Exercise
From the listing below, reproduce word for word the part that opens with the line containing "exact: le_trans le_zx le_xy." and closes with the line containing "Section Congruence."; reproduce nothing else.

Materials provided: Begin

Lemma dual_trace F G : is_dual F G -> \sum_(i < N) ip (G i) (F i) = n%:R.
Proof.
move=> /is_dualE sum_eq1.
have : \sum_(i < N) ip (F i) (G i) = n%:R.
  rewrite -mxtrace1 -sum_eq1 raddf_sum; apply: eq_bigr => i _.
  by rewrite /= mxtrace_mulC /mxtrace big_ord1 -ipE.
move=> /(congr1 conjc); rewrite rmorph_sum conjc_nat => <-.
by apply: eq_bigr => i _; rewrite /= -ipC.
Qed.

(* [invmx] is total (it returns singular matrices unchanged), so invertibility
   of the frame operator has to be read off the duality. *)
Lemma canon_dual_unitmx F : is_dual F (canon_dual F) -> frame_op F \in unitmx.
Proof.
move=> /is_dualE sum_eq1.
suff : frame_op F *m adjoint (invmx (frame_op F)) = 1%:M by case/mulmx1_unit.
rewrite {1}frame_opE mulmx_suml -sum_eq1; apply: eq_bigr => i _.
by rewrite /canon_dual adjointM mulmxA.
Qed.

Lemma eta1FG_ge0 F G : 0 <= eta1FG F G.
Proof.
by rewrite /eta1FG; elim/big_rec: _ => // i x _ x_ge0; rewrite le_max x_ge0 orbT.
Qed.

Lemma numrad_le_eta1FG F G i : numrad (E1 F G i) <= eta1FG F G.
Proof. by rewrite /eta1FG (bigD1 i) //= le_max lexx. Qed.

Lemma eta1FG_le F G (K : R) : 0 <= K ->
  (forall i, numrad (E1 F G i) <= K) -> eta1FG F G <= K.
Proof.
move=> K_ge0 numrad_le_K; rewrite /eta1FG.
by elim/big_ind: _ => //= x y; rewrite ge_max => ->.
Qed.

(* [|<g_i, f_i>| <= eta1FG F G], while the [<g_i, f_i>] add up to [n]. *)
Lemma eta1FG_le_ip_diag F G : (0 < N)%N -> is_dual F G ->
  eta1FG F G <= n%:R / N%:R -> forall i, ip (G i) (F i) = (n%:R / N%:R)%:C.
Proof.
move=> N_gt0 dual_FG eta_le; set K := n%:R / N%:R.
have cabs_le i : cabs (ip (G i) (F i)) <= K.
  exact: le_trans (cabs_ip_le_numrad _ _) (le_trans (numrad_le_eta1FG _ _ i) eta_le).
have Re_eq i : complex.Re (ip (G i) (F i)) = K.
  have gap_sum : \sum_(j < N) (K - complex.Re (ip (G j) (F j))) = 0.
    rewrite sumrB -Re_sum dual_trace // -(rmorph_nat (real_complex R)) /=.
    by rewrite sumr_const card_ord -[K *+ N]mulr_natr /K divfK ?subrr // pnatr_eq0 -lt0n.
  apply/eqP; rewrite eq_sym -subr_eq0; apply/eqP; apply: (psumr_eq0P _ gap_sum) => // j _.
  by rewrite subr_ge0 (le_trans (Re_le_cabs _)).
by move=> i; rewrite (cabs_le_Re (z := ip (G i) (F i))) Re_eq ?cabs_le.
Qed.

Lemma eta1FG_le_dual_scale F G : (0 < n)%N -> (0 < N)%N -> is_dual F G ->
  eta1FG F G <= n%:R / N%:R -> forall i, G i = ((n%:R / N%:R) / sqnorm (F i))%:C *: F i.
Proof.
move=> n_gt0 N_gt0 dual_FG eta_le i; set K := n%:R / N%:R.
have K_gt0 : 0 < K by rewrite divr_gt0 ?ltr0n.
have GF := eta1FG_le_ip_diag N_gt0 dual_FG eta_le i.
have F_neq0 : F i != 0.
  by apply/eqP => F0; move: K_gt0; rewrite -[K]/(complex.Re K%:C) -GF F0 ip0r ltxx.
apply: cauchy_schwarz_eq => //; apply: rank1_vnorm_le => //.
exact: le_trans (numrad_le_eta1FG _ _ i) eta_le.
Qed.
Definition ntri (adj : rel T) (S : {set T}) (e : T * T) : nat :=
  #|[set w | [&& w \in S, adj e.1 w & adj e.2 w]]|.

Definition ehead_tail (e e' : T * T) : bool := (e.2 == e'.1) || (e'.2 == e.1).
Definition esame_end (e e' : T * T) : bool := (e.2 == e'.2) || (e.1 == e'.1).
(* e and e' are two edges of a common triangle (of G[S]; endpoints of edges of
   G[S] lie in S). *)
Definition etri (adj : rel T) (e e' : T * T) : bool :=
  let V := [set e.1; e.2; e'.1; e'.2] in
  (#|V| == 3) && [forall x in V, forall y in V, (x != y) ==> adj x y].

End Graphs.

Section Helm.
Variables (R : numDomainType) (T : finType).

Definition helmholtzian (adj o : rel T) (S : {set T}) :
    'M[R]_#|oedges adj o S| :=
  \matrix_(i, j)
    let e  := enum_val i in
    let e' := enum_val j in
    if i == j then (ntri adj S e)%:R + 2
    else if ehead_tail e e' && ~~ etri adj e e' then -1
    else if esame_end e e' && ~~ etri adj e e' then 1
    else 0.
End Helm.

(* s is the list of eigenvalues of A (with multiplicity) in nonincreasing
   order: lambda_1 >= ... >= lambda_n. *)
Definition spectrum (R : realDomainType) (n : nat) (A : 'M[R]_n) (s : seq R)
  : Prop :=
  sorted (fun x y : R => y <= x) s /\
  char_poly A = \prod_(x <- s) ('X - x%:P).

(* The Helmholtzian of G' is a principal submatrix of that of G:
   its off-diagonal entries only depend on the two edges, and its diagonal
   entries count triangles, which agree because a common neighbour w of the two
   ends of an edge of a block B lies in B (otherwise w |: B would still be
   connected without cut vertex, against maximality).  Cauchy interlacing for a
   principal submatrix B of a symmetric A then follows from a dimension count:
   if #{eigenvalues of A <= lam} + #{eigenvalues of B >= mu} exceeds the size
   of A, the two corresponding spans of eigenvectors meet, and the Rayleigh
   quotient of a common vector is both <= lam and >= mu.  Real symmetric
   matrices are diagonalised through their (Hermitian) complexification. *)

From HB Require Import structures.
From mathcomp Require Import all_boot all_order all_algebra.
From mathcomp Require Import sesquilinear spectral complex zify.
Import Order.TTheory GRing.Theory Num.Theory.
Set Implicit Arguments. Unset Strict Implicit. Unset Printing Implicit Defensive.
Local Open Scope ring_scope.
Local Open Scope sesquilinear_scope.

Section SortedCount.
Variables (T : Type) (leT : rel T).
Hypotheses (leT_tr : transitive leT) (leT_refl : reflexive leT).

Lemma count_sorted_nth x0 (s : seq T) i : sorted leT s -> (i < size s)%N ->
  (size s - i <= count (leT (nth x0 s i)) s)%N.
Proof.
move=> s_sorted lt_i_s; set p := leT _.
have : all p (drop i s).
  have := drop_sorted i s_sorted; rewrite (drop_nth x0 lt_i_s) /= {1}/p leT_refl.
  exact: order_path_min.
rewrite all_count size_drop => /eqP <-.
by rewrite -[in X in (_ <= X)%N](cat_take_drop i s) count_cat leq_addl.
Qed.

End SortedCount.

Section NonincreasingCount.
Variable R : realDomainType.
Variables (s : seq R) (i : nat).
Hypotheses (s_sorted : sorted (fun x y => y <= x) s) (lt_i_s : (i < size s)%N).

Lemma count_le_nth : (size s - i <= count (fun x => x <= nth 0 s i)%R s)%N.
Proof.
apply: (count_sorted_nth (leT := fun x y => y <= x)) => //= y x z le_xy le_zx.
exact: le_trans le_zx le_xy.
Qed.

Lemma count_ge_nth : (i.+1 <= count (fun x => nth 0 s i <= x)%R s)%N.
Proof.
have rev_sorted_le : sorted <=%R (rev s) by rewrite rev_sorted.
have lt_j : (size s - i.+1 < size s)%N by lia.
have := count_sorted_nth (@le_trans _ R) (@lexx _ R) 0 rev_sorted_le.
rewrite size_rev => /(_ _ lt_j); rewrite count_rev nth_rev //.
have -> : (size s - (size s - i.+1).+1 = i)%N by lia.
by rewrite subKn.
Qed.

End NonincreasingCount.

Section Congruence.
Variable C : numClosedFieldType.

Definition congrmx m n (N : 'M[C]_(m, n)) (A : 'M[C]_n) : 'M[C]_m := N *m A *m N^t*.

Lemma congrmxM m n p (M : 'M[C]_(m, n)) (N : 'M_(n, p)) A :
  congrmx (M *m N) A = congrmx M (congrmx N A).
Proof. by rewrite /congrmx trmx_mul map_mxM !mulmxA. Qed.

Lemma congrmxN m n (N : 'M[C]_(m, n)) A : congrmx N (- A) = - congrmx N A.
Proof. by rewrite /congrmx mulmxN mulNmx. Qed.
Lemma blocking_dominator_nadj_Sstar S s d :
  blocking Hx x S -> s \in S -> e s d -> e x d -> d \in VHs -> s \notin nbhS e Ss.
Proof.
move=> blk sS sd xd dVHs.
have inS u : u \in S -> u \in N2 /\ u \in VH.
  by move/(subsetP (blocking_subset x_VHx blk))/setIP.
have indS : independent e S.
  case: blk => _ indS _; apply: independent_induced indS.
  by apply/subsetP => u /inS[].
apply/negP; rewrite in_set => /andP[_ /exists_inP[t tSs ts]].
have [tN2 _ /card_gt1P[d1 [d2 [/setIP[+ d1D] /setIP[+ d2D] d12]]]] := Sstar_spec tSs.
rewrite !in_set => td1 td2.
have td := VHstarx_nadj_Sstar dVHs tSs.
have [xd1 xd2] := (Dset_nbh d1D, Dset_nbh d2D).
have [sN2 _] := inS s sS.
have [u1 u1S u1d1] := blocking_dominates_D blk d1D.
have [u2 u2S u2d2] := blocking_dominates_D blk d2D.
have [u1N2 /VHx_notVA u1VA] := inS u1 u1S.
have [u2N2 /VHx_notVA u2VA] := inS u2 u2S.
have [z1 [z1N2 u1z1 z1d2 z1d1]] :=
  cross_attachment xd sd ts td sN2 tN2 xd1 xd2 d12 td1 td2 u1N2 u1VA u1d1 (indS s u1 sS u1S).
have d21 : d2 != d1 by rewrite eq_sym.
have [z2 [z2N2 u2z2 z2d1 z2d2]] :=
  cross_attachment xd sd ts td sN2 tN2 xd2 xd1 d21 td2 td1 u2N2 u2VA u2d2 (indS s u2 sS u2S).
have [_ _ u1d2 _] :=
  sole_attachment xd sd ts td sN2 tN2 xd1 xd2 d12 td1 td2 u1N2 u1d1 (indS s u1 sS u1S).
have u1u2 := indS u1 u2 u1S u2S.
no_cycle noC6 d1 [:: u1; z1; d2; u2; z2].
Qed.

Lemma blocking_Hstar_restrict S :
  blocking Hx x S -> blocking Hstar x (S :&: nbh2 Hstar x).
Proof.
move=> blk; have subS := blocking_subset x_VHx blk; have [_ indS dom] := blk.
split; first exact: subsetIr.
  exact: independent_sub (induced_subrel VHstarx_VHx) (subsetIl _ _) indS.
apply/subsetP => d; rewrite in_set => /and3P[xd _ dVHs].
have dVH := subsetP VHstarx_VHx d dVHs.
have : d \in nbh Hx x by rewrite in_set /induced xd x_VHx dVH.
move/(subsetP dom); rewrite in_setU in_set => /orP[dS|/andP[_ /exists_inP[s sS]]].
  by have /setIP[/nbh2P[_ /negP]] := subsetP subS d dS.
case/and3P=> sd sVH _; have /setIP[/nbh2P[sx xs _] _] := subsetP subS s sS.
have sVHs : s \in VHs.
  apply: VHx_VHstarx sVH _; rewrite in_setU negb_or.
  rewrite (blocking_dominator_nadj_Sstar blk sS sd xd dVHs) andbT.
  by apply: contraTN sd => /(VHstarx_nadj_Sstar dVHs).
apply: (@cnbhS_adj _ _ s); last by rewrite /induced sd sVHs dVHs.
rewrite inE sS; apply/nbh2P; split => //; first by rewrite /induced negb_and xs.
by exists d; rewrite /induced xd x_VHstarx dVHs esym sd sVHs.
Qed.
Lemma gev_llB_ball_integral_cvg t : Theta t ->
  (fun e => \int[mu]_x gev_llB (Theta_ball t e) x) @ 0%R^'+ --> \int[mu]_x gev_llt t x.
Proof.
move=> Tt; have [C C0 llB_C] := gev_llB_ball_bounded Tt.
set e0 := (t.2 / 2)%R; have e00 : (0 < e0)%R by rewrite divr_gt0 // Tt.2.
pose I e := \int[mu]_x gev_llB (Theta_ball t e) x.
have I_nd : {in Interval (BRight 0%R) (BRight e0) &, nondecreasing_fun I}.
  move=> a b ha hb ab; move: ha hb; rewrite !in_itv /= => /andP[a0 _] /andP[b0 be].
  apply: (le_integral_bounded mu C0) => [||x|x]; try exact: measurable_gev_llB_ball.
    by apply: gev_llB_ballS; rewrite ltW.
  by apply: llB_C; rewrite b0.
have := @nondecreasing_at_right_cvge R I 0%R (BRight e0) _ I_nd.
suff -> : ereal_inf (I @` [set` Interval (BRight 0%R) (BRight e0)]) =
          \int[mu]_x gev_llt t x by apply; rewrite bnd_simp.
pose e_ n := (e0 / n.+1%:R)%R.
have e_t n : (0 < e_ n <= e0)%R.
  by rewrite divr_gt0 //= ler_pdivrMr // ler_peMr ?(ltW e00) // ler1n.
have nie_ : {homo e_ : n m / (n <= m)%N >-> (m <= n)%R}.
  by move=> n m nm; rewrite ler_pM2l // lef_pV2 ?posrE // ler_nat.
have e_cvg : e_ n @[n --> \oo] --> 0%R.
  by rewrite -(mulr0 e0); apply: cvgM; [exact: cvg_cst|exact: cvg_harmonic].
have cvgI := gev_llB_ball_integral_cvgn Tt e_t nie_ e_cvg.
apply/le_anti/andP; split.
  rewrite -(cvg_lim _ cvgI) //; apply: lime_ge; first by apply/cvg_ex; eexists; exact: cvgI.
  by apply: nearW => n; apply: ereal_inf_lbound; exists (e_ n); rewrite //= in_itv /= e_t.
apply: le_ereal_inf_tmp => _ [e + <-]; rewrite /= in_itv /= => /andP[e0' ee0].
apply: (le_integral_bounded mu C0) => [||x|x].
- exact: measurable_gev_llt.
- exact: measurable_gev_llB_ball.
- exact: gev_llt_le_llB.
- by apply: llB_C; rewrite e0'.
Qed.

End integral.

End gev_ball.

Local Open Scope ereal_scope.

Theorem lemma3p2 (R : realType) (P : probability R R) (g0 : R)
  (hP : forall x : R, P `]-oo, x] = (gev_cdf g0 x)%:E)
  (hg0 : (-1 < g0)%R) (t : R * R * R) (ht : Theta t) :
  (fun e : R => \int[P]_x gev_llB (Theta_ball t e) x) @ 0%R^'+ -->
    \int[P]_x gev_llt t x.
Proof. exact: gev_llB_ball_integral_cvg ht. Qed.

Materials provided: End

Task response
exact: le_trans le_zx le_xy.
Qed.

Lemma count_ge_nth : (i.+1 <= count (fun x => nth 0 s i <= x)%R s)%N.
Proof.
have rev_sorted_le : sorted <=%R (rev s) by rewrite rev_sorted.
have lt_j : (size s - i.+1 < size s)%N by lia.
have := count_sorted_nth (@le_trans _ R) (@lexx _ R) 0 rev_sorted_le.
rewrite size_rev => /(_ _ lt_j); rewrite count_rev nth_rev //.
have -> : (size s - (size s - i.+1).+1 = i)%N by lia.
by rewrite subKn.
Qed.

End NonincreasingCount.

Section Congruence.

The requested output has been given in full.